- [GIVEN RECORDS]:
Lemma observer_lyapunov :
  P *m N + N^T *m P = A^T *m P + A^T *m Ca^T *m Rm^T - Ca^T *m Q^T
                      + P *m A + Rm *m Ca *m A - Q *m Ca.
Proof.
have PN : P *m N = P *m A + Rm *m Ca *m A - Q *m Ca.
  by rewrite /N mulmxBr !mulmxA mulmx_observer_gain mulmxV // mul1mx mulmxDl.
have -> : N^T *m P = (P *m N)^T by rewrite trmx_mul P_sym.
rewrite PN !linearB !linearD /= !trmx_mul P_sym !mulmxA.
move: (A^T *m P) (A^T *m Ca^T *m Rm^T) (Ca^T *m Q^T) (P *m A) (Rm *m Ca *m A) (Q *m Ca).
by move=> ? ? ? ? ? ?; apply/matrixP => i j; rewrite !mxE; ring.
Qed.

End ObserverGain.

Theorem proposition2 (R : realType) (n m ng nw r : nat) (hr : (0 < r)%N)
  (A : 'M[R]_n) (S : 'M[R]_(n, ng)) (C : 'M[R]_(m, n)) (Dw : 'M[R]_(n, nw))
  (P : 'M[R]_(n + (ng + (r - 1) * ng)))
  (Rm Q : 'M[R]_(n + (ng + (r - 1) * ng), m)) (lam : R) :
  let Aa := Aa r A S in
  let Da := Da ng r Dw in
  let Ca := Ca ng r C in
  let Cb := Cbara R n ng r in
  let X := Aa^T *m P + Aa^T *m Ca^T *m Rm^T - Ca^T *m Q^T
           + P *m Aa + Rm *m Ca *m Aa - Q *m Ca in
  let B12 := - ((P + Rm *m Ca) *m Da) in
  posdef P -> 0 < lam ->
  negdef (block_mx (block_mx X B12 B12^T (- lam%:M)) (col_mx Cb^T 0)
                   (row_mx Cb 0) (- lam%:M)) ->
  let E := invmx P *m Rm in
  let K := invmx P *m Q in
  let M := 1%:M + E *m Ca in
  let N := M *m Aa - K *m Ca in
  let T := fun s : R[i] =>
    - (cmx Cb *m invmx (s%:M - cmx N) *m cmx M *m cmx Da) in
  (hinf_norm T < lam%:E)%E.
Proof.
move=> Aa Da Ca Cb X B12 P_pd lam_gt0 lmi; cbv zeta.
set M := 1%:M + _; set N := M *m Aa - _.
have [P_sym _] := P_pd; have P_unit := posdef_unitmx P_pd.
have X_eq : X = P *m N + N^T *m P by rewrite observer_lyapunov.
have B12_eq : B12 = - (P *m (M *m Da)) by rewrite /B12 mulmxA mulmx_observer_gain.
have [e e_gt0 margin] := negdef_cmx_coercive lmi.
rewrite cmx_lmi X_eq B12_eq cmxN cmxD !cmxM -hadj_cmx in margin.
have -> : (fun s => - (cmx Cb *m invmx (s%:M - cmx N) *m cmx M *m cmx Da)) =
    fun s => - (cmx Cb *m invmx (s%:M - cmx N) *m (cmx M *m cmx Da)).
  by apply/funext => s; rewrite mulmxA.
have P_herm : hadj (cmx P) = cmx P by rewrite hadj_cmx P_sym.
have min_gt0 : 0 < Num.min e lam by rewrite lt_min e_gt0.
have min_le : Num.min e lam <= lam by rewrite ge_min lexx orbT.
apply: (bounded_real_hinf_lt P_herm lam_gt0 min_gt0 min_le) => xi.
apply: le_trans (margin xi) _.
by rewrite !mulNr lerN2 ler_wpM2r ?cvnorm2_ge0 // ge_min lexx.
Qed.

==

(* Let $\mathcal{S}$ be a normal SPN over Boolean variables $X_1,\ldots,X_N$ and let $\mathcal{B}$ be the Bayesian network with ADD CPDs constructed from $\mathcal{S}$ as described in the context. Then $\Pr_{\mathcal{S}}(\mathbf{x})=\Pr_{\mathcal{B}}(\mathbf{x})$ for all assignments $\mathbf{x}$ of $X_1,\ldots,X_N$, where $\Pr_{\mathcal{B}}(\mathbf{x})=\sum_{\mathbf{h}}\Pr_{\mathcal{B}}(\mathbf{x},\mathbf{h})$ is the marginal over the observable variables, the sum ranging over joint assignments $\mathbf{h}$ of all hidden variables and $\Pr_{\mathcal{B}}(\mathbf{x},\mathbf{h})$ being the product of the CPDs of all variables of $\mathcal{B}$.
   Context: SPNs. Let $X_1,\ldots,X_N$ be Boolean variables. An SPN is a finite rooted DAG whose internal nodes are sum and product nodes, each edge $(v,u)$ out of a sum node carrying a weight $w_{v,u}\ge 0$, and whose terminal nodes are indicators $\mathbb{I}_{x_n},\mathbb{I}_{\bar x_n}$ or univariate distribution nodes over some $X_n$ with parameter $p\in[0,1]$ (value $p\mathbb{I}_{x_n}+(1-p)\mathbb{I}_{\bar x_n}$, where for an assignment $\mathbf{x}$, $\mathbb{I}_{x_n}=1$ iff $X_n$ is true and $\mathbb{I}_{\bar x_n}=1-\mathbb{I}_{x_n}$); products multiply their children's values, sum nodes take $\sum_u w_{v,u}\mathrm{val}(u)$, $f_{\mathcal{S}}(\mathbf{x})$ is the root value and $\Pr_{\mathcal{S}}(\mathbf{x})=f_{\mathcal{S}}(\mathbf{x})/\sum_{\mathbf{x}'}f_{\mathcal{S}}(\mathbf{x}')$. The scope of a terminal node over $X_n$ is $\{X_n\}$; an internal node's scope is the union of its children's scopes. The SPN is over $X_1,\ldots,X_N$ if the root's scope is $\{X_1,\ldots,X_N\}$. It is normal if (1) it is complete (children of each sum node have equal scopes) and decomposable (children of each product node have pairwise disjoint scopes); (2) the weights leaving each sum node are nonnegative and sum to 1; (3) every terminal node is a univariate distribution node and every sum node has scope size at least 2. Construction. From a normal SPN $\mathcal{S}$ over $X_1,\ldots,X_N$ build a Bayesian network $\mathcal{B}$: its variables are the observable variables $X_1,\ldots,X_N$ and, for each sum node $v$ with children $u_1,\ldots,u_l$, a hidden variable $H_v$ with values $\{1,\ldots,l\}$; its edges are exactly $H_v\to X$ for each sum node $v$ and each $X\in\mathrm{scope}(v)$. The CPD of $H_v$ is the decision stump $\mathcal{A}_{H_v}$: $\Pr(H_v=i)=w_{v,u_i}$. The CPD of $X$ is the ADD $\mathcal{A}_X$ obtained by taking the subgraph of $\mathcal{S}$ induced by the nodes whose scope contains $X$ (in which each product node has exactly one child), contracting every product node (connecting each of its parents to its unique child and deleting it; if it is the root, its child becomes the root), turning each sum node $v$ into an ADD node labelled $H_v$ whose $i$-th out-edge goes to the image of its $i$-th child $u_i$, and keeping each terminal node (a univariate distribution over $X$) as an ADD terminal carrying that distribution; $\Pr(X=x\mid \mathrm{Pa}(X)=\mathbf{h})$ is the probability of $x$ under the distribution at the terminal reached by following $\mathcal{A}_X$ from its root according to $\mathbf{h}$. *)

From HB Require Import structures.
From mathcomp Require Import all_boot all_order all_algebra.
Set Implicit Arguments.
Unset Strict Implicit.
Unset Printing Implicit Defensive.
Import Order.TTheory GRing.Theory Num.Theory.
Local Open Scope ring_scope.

==

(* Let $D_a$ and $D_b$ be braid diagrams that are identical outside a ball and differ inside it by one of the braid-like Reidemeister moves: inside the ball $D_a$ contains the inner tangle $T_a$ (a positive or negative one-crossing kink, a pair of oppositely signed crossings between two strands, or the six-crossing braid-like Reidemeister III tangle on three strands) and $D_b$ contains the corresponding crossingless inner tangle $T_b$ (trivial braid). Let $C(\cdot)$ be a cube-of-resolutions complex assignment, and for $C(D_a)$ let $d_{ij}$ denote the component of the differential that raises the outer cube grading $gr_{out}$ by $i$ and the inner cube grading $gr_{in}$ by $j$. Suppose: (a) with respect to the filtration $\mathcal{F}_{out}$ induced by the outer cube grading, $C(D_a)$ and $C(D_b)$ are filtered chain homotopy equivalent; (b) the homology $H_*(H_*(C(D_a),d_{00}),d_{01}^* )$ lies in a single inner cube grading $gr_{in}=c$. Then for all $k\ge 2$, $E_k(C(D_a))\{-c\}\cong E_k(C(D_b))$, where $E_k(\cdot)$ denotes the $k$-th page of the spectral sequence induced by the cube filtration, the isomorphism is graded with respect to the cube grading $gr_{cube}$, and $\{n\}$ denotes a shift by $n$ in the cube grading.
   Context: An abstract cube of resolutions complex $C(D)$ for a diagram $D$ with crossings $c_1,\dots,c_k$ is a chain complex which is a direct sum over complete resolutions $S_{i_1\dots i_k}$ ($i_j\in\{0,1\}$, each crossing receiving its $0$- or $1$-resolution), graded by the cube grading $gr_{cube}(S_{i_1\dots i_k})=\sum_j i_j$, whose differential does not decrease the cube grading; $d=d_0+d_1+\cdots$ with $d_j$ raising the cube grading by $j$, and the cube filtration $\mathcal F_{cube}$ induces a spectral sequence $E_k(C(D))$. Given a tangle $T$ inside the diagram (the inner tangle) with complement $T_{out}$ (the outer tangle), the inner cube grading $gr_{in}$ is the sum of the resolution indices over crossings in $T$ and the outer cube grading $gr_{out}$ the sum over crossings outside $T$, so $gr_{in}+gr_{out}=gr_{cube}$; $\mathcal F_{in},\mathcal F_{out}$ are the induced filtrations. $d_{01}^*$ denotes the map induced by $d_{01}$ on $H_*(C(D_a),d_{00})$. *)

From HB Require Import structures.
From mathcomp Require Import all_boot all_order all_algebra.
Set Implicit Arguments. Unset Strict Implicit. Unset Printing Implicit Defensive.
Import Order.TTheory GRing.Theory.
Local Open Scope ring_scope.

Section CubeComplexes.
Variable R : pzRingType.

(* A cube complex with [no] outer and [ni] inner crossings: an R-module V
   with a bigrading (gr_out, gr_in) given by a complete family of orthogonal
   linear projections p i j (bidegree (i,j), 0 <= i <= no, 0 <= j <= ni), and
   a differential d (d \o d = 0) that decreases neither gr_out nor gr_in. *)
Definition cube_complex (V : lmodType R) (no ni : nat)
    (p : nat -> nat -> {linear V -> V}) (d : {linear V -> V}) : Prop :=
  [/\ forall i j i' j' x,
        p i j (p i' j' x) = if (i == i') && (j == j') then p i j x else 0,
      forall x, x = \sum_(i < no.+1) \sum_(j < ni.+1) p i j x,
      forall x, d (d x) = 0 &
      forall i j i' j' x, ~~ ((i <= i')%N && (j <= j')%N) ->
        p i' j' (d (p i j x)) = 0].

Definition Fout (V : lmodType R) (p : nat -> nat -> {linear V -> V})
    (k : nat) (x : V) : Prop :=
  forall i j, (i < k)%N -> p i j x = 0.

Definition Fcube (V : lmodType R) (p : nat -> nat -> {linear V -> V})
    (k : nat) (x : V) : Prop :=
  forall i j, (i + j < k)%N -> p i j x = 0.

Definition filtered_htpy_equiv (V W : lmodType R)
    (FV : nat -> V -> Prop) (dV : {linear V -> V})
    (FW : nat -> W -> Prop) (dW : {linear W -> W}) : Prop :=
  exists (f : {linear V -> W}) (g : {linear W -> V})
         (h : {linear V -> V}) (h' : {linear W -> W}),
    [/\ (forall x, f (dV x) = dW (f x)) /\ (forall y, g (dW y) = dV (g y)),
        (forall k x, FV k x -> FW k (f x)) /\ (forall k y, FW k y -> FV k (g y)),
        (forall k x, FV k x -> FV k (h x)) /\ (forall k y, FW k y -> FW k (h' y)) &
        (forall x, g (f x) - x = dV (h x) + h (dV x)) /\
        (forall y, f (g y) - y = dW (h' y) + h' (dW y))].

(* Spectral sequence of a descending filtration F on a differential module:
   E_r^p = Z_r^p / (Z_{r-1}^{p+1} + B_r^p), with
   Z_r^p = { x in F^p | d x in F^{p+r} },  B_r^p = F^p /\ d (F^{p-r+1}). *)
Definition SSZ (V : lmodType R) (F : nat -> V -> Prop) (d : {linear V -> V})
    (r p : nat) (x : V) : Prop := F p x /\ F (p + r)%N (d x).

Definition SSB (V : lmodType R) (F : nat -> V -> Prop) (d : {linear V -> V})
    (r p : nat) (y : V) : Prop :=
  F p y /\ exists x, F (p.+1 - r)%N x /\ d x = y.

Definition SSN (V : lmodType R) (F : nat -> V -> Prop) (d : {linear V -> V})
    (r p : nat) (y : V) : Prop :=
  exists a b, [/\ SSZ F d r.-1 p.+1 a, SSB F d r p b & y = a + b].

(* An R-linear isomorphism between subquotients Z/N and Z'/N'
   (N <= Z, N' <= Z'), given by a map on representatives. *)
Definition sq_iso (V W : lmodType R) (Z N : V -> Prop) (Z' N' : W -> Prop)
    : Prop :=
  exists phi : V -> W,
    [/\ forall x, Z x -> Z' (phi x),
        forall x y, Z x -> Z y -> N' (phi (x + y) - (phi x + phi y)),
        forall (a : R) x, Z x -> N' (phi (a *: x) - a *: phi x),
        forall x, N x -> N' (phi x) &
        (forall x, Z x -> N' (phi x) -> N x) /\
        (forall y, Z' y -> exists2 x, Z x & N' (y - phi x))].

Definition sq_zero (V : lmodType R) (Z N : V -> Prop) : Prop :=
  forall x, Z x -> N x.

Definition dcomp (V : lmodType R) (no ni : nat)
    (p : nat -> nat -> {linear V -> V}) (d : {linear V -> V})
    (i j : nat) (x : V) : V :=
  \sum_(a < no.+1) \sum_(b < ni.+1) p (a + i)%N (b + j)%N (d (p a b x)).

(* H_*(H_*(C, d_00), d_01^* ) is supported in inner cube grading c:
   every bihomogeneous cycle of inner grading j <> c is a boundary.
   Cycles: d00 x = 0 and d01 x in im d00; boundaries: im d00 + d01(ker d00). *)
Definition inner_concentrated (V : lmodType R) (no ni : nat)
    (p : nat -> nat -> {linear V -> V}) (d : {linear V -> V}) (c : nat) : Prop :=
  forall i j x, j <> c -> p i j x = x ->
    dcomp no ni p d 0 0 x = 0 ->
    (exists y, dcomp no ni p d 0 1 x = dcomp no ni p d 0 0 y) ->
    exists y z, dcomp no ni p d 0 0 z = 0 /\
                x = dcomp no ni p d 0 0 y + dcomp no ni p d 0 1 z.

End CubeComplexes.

- [WHAT THE TASK ASKS]: Your answer should be the lines of the listing above between the line holding "forall (a : R)" and the line holding "dcomp no ni p d 0 0 x = 0 ->", inclusive, restated word for word and alone.

- [SOLUTION FOR THIS TASK]:
        forall (a : R) x, Z x -> N' (phi (a *: x) - a *: phi x),
        forall x, N x -> N' (phi x) &
        (forall x, Z x -> N' (phi x) -> N x) /\
        (forall y, Z' y -> exists2 x, Z x & N' (y - phi x))].

Definition sq_zero (V : lmodType R) (Z N : V -> Prop) : Prop :=
  forall x, Z x -> N x.

Definition dcomp (V : lmodType R) (no ni : nat)
    (p : nat -> nat -> {linear V -> V}) (d : {linear V -> V})
    (i j : nat) (x : V) : V :=
  \sum_(a < no.+1) \sum_(b < ni.+1) p (a + i)%N (b + j)%N (d (p a b x)).

(* H_*(H_*(C, d_00), d_01^* ) is supported in inner cube grading c:
   every bihomogeneous cycle of inner grading j <> c is a boundary.
   Cycles: d00 x = 0 and d01 x in im d00; boundaries: im d00 + d01(ker d00). *)
Definition inner_concentrated (V : lmodType R) (no ni : nat)
    (p : nat -> nat -> {linear V -> V}) (d : {linear V -> V}) (c : nat) : Prop :=
  forall i j x, j <> c -> p i j x = x ->
    dcomp no ni p d 0 0 x = 0 ->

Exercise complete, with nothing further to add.